Was the bar above the bell purely for it's protection or for use for towing/securing lines etc?
DVLA liability the common 1995. Unusually states colour silver?
I am guessing that sadly it didn't survive

Added by John D on 14 October 2010.
Hi John
What appears to be a bar above the bell is actually just a step for standing on so you could reach to clean the windscreen without scratching the top of the bumper with your shoes(CCFB was obsessed with cleaning things). The towing eyes were either side of the bell on the chassis extensions which carried the bell mountings. The chrome quarter bumpers were actually just ornamental because they were only attached to the bell mounting and so would fold inwards if bumped. The only other brigsde which I know used this system was Bootle County Borough but I guess there were others.

Added by Ron Kingdon on 16 October 2010.
Hi Ron
Interested in your comment re the appliance's foam system not working. CCFB might have been obsessed with cleaning but I'm willing to hazard a guess that their obsession didn't extend to its in-line / RTP foam systems ! From your comment re "sludge" plus it being the 1970's era, I'm guessing CCFB used an older heavier viscosity protein based type of foam concentrate ? If the proportioner and associated pipework weren't rigorously flushed out after each and every use, trouble was inevitable. Whilst it's not a particularly good comparison but nevertheless highlights what can happen even with modern synthetic concentrates that are meant to be mixed with water, just see the gunge that builds up around the top of the washing up liquid bottle in the kitchen if you don't wipe it regularly ! Leave that long enough and it will go solid .. as did concentrate in a proportioner if it wasn't flushed. Shiny windows, polished bodywork, and blackened tyres ... I've been there mate ... happy days !

Added by Keith Richardson on 17 October 2010.
Hi Keith
You're right of course. The stuff was full organic foam compound (ie liquidised cows) usually stored in sealed five gallon drums. Everybody knew that once the seal was broken the compound had a strictly limited shelf life and would decompose into mud. When we were instructed to fill the brand new 50 gallon tank by decanting foam from our store of 5 gallon drums some of us troublemakers pointed out that the whole system would set solid in a few months which of course it did. When you opened the valve to drop foam compound into the system it was the mud which came through first and not only bunged up the proportioner but the pipework as well.
I'm sure you're not surprised that our station inspections revolved around how shiny the paintwork was.
Thank the Lord those days have gone..........haven't they?

Added by Ron Kingdon on 17 October 2010.
Known in certain circles as "ox blood" foam if my memory serves me right. Once it was decanted it would weld anything solid.

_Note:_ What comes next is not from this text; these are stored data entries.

(* Let $i\geq 1$ and $n\geq 1$. Let $T(i,n)$ be the set of pairs $(L_1,L_2)$ of walks of length $n$ with steps $(1,1)$ and $(1,-1)$, where $L_1$ starts at $(0,0)$ and $L_2$ starts at $(0,2i)$, such that $L_1$ and $L_2$ share no common point before they reach a common ending point at $x=n$. Let $P(i,n)$ be the set of lattice paths of length $2n$ with steps $(1,1)$ and $(1,-1)$ starting at $(0,2i)$ that end on the $x$-axis and do not touch the $x$-axis at any earlier point (hence never go below it). Then there exists a bijection between $T(i,n)$ and $P(i,n)$. *)

From mathcomp Require Import all_boot all_order all_algebra.
Set Implicit Arguments. Unset Strict Implicit. Unset Printing Implicit Defensive.
Import Order.TTheory GRing.Theory Num.Theory.
Local Open Scope ring_scope.

(* A walk is a sequence of steps: true = (1,1), false = (1,-1). *)
Definition step (b : bool) : int := if b then 1 else -1.

Definition height (h0 : int) (s : seq bool) (k : nat) : int :=
  h0 + \sum_(j < k) step (nth false s j).

Definition inTpair (i n : nat) (p : n.-tuple bool * n.-tuple bool) : bool :=
  [forall k : 'I_n, height 0 p.1 k != height (2 * i)%N%:Z p.2 k]
  && (height 0 p.1 n == height (2 * i)%N%:Z p.2 n).

Definition inPpath (i n : nat) (s : (2 * n).-tuple bool) : bool :=
  [forall k : 'I_(2 * n), height (2 * i)%N%:Z s k != 0]
  && (height (2 * i)%N%:Z s (2 * n) == 0).

Arguments inTpair i n p : clear implicits.
Arguments inPpath i n s : clear implicits.

From mathcomp Require Import all_boot all_order all_algebra zify ring.
Set Implicit Arguments. Unset Strict Implicit. Unset Printing Implicit Defensive.
Import Order.TTheory GRing.Theory Num.Theory.
Local Open Scope ring_scope.

(* Interleave the two walks into one of length 2n: step 2k is the k-th step
   of L2 and step 2k+1 is the reversed k-th step of L1.  After 2k steps the
   new path, started at height 2i, is at height L2(k) - L1(k), so it hits the
   x-axis at an even time exactly when L1 and L2 meet.  At odd times its
   height is odd, hence never 0.  Splitting a path into its even and
   (reversed) odd steps is the inverse map. *)

Lemma bijective_sig (A B : Type) (P : pred A) (Q : pred B)
    (f : A -> B) (g : B -> A) :
  cancel f g -> cancel g f ->
  (forall x, P x -> Q (f x)) -> (forall y, Q y -> P (g y)) ->
  exists h : {x | P x} -> {y | Q y}, bijective h.
Proof.
move=> fK gK PQ QP.
exists (fun x => exist _ (f (val x)) (PQ _ (valP x))).
exists (fun y => exist _ (g (val y)) (QP _ (valP y))).
  by move=> x; apply: val_inj; rewrite /= fK.
by move=> y; apply: val_inj; rewrite /= gK.
Qed.

Definition interleave (a b : seq bool) (n : nat) : seq bool :=
  mkseq (fun j => if odd j then ~~ nth false a j./2 else nth false b j./2) (2 * n).

Definition even_steps (s : seq bool) (n : nat) : seq bool :=
  mkseq (fun k => nth false s k.*2) n.

Definition odd_steps (s : seq bool) (n : nat) : seq bool :=
  mkseq (fun k => ~~ nth false s k.*2.+1) n.

Lemma interleaveK s n :
  size s = (2 * n)%N -> interleave (odd_steps s n) (even_steps s n) n = s.
Proof.
move=> size_s; apply: (@eq_from_nth _ false); first by rewrite size_mkseq size_s.
move=> j; rewrite size_mkseq => lt_j; rewrite nth_mkseq //.
have lt_half_j : (j./2 < n)%N by rewrite ltn_half_double -mul2n.
by case: ifP => odd_j; rewrite nth_mkseq // ?negbK -[in RHS](odd_double_half j) odd_j.
Qed.

Lemma odd_steps_interleave a b n : size a = n -> odd_steps (interleave a b n) n = a.
Proof.
move=> size_a; apply: (@eq_from_nth _ false); first by rewrite size_mkseq size_a.
move=> k; rewrite size_mkseq => lt_k; rewrite !nth_mkseq //; last by lia.
by rewrite /= odd_double /= uphalf_double negbK.
Qed.

Lemma even_steps_interleave a b n : size b = n -> even_steps (interleave a b n) n = b.
Proof.
move=> size_b; apply: (@eq_from_nth _ false); first by rewrite size_mkseq size_b.
move=> k; rewrite size_mkseq => lt_k; rewrite !nth_mkseq //; last by lia.
by rewrite odd_double doubleK.
Qed.

Lemma sum_step_interleave a b n k : (k <= n)%N ->
  \sum_(j < k.*2) step (nth false (interleave a b n) j) =
  \sum_(j < k) step (nth false b j) - \sum_(j < k) step (nth false a j).
Proof.
elim: k => [|k IHk] le_k; first by rewrite !big_ord0 subr0.
rewrite doubleS !big_ord_recr /= IHk; last by lia.
rewrite !nth_mkseq; try by rewrite -mul2n; lia.
rewrite /= odd_double /= uphalf_double doubleK.
by case: (nth false a k); case: (nth false b k); rewrite /step /=; ring.
Qed.

Lemma sum_step_parity s m :
  exists c : int, \sum_(j < m) step (nth false s j) = m%:Z - 2 * c.
Proof.
elim: m => [|m [c IHm]]; first by exists 0; rewrite big_ord0; ring.
rewrite big_ord_recr /= IHm /step.
by case: (nth false s m); [exists c | exists (c + 1)]; lia.
Qed.

Lemma height_double_odd_neq0 i s m : height (2 * i)%N%:Z s m.*2.+1 != 0.
Proof.
rewrite /height; have [c ->] := sum_step_parity s m.*2.+1.
by apply/eqP; rewrite -mul2n; lia.
Qed.

Lemma height_interleave_double_eq0 h0 a b n k : (k <= n)%N ->
  (height h0 (interleave a b n) k.*2 == 0) = (height 0 a k == height h0 b k).
Proof.
move=> le_k; rewrite [RHS]eq_sym -[RHS]subr_eq0.
suff -> : height h0 (interleave a b n) k.*2 = height h0 b k - height 0 a k by [].
by rewrite /height sum_step_interleave //; ring.
Qed.

Section TuplePaths.
Variable n : nat.

Definition interleave_tuple (p : n.-tuple bool * n.-tuple bool) : (2 * n).-tuple bool :=
  Tuple (introT eqP (size_mkseq _ (2 * n)) : size (interleave p.1 p.2 n) == _).

Definition split_tuple (s : (2 * n).-tuple bool) : n.-tuple bool * n.-tuple bool :=
  (Tuple (introT eqP (size_mkseq _ n) : size (odd_steps s n) == _),
   Tuple (introT eqP (size_mkseq _ n) : size (even_steps s n) == _)).

Lemma interleave_tupleK : cancel interleave_tuple split_tuple.
Proof.
case=> a b; congr pair; apply: val_inj => /=.
  by rewrite odd_steps_interleave // size_tuple.
by rewrite even_steps_interleave // size_tuple.
Qed.

Lemma split_tupleK : cancel split_tuple interleave_tuple.
Proof. by move=> s; apply: val_inj; rewrite /= interleaveK // size_tuple. Qed.

Lemma inPpath_interleave i p : inPpath i n (interleave_tuple p) = inTpair i n p.
Proof.
case: p => a b; rewrite /inPpath /inTpair /=.
rewrite [X in height _ _ X]mul2n height_interleave_double_eq0 //; congr andb.
apply/forallP/forallP => [avoid k | apart k].
  have lt_k2 : (k.*2 < 2 * n)%N by rewrite -mul2n ltn_pmul2l.
  by have := avoid (Ordinal lt_k2); rewrite /= height_interleave_double_eq0 // ltnW.
rewrite /= -[nat_of_ord k](odd_double_half k).
case: (odd k); first by rewrite add1n height_double_odd_neq0.
have lt_half_k : (k./2 < n)%N by rewrite ltn_half_double -mul2n.
by rewrite add0n height_interleave_double_eq0 ?(ltnW lt_half_k) // (apart (Ordinal lt_half_k)).
Qed.

End TuplePaths.

Theorem proposition4p1 (i n : nat) (hi : (1 <= i)%N) (hn : (1 <= n)%N) :
  exists f : {p : n.-tuple bool * n.-tuple bool | inTpair i n p} ->
             {s : (2 * n).-tuple bool | inPpath i n s},
    bijective f.
Proof.
apply: (bijective_sig (@interleave_tupleK n) (@split_tupleK n)).
  by move=> p; rewrite inPpath_interleave.
by move=> s; rewrite -inPpath_interleave split_tupleK.
Qed.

Who needs superglue!

Added by Gary Simpson on 18 October 2010.
In the north east of England leek growing is a very popular 'sport' many show growers used foam compound to fertilize the leek trenches so any fireman who had access to opened foam stocks were very popular and was assured free pints at the club !!!!

Added by Barrie Green on 18 October 2010.
This is a truly fantastic site! Not only for fire engine buffs but amateur horticulturists too. Who would have known?

Added by Rob Johnson on 21 June 2014.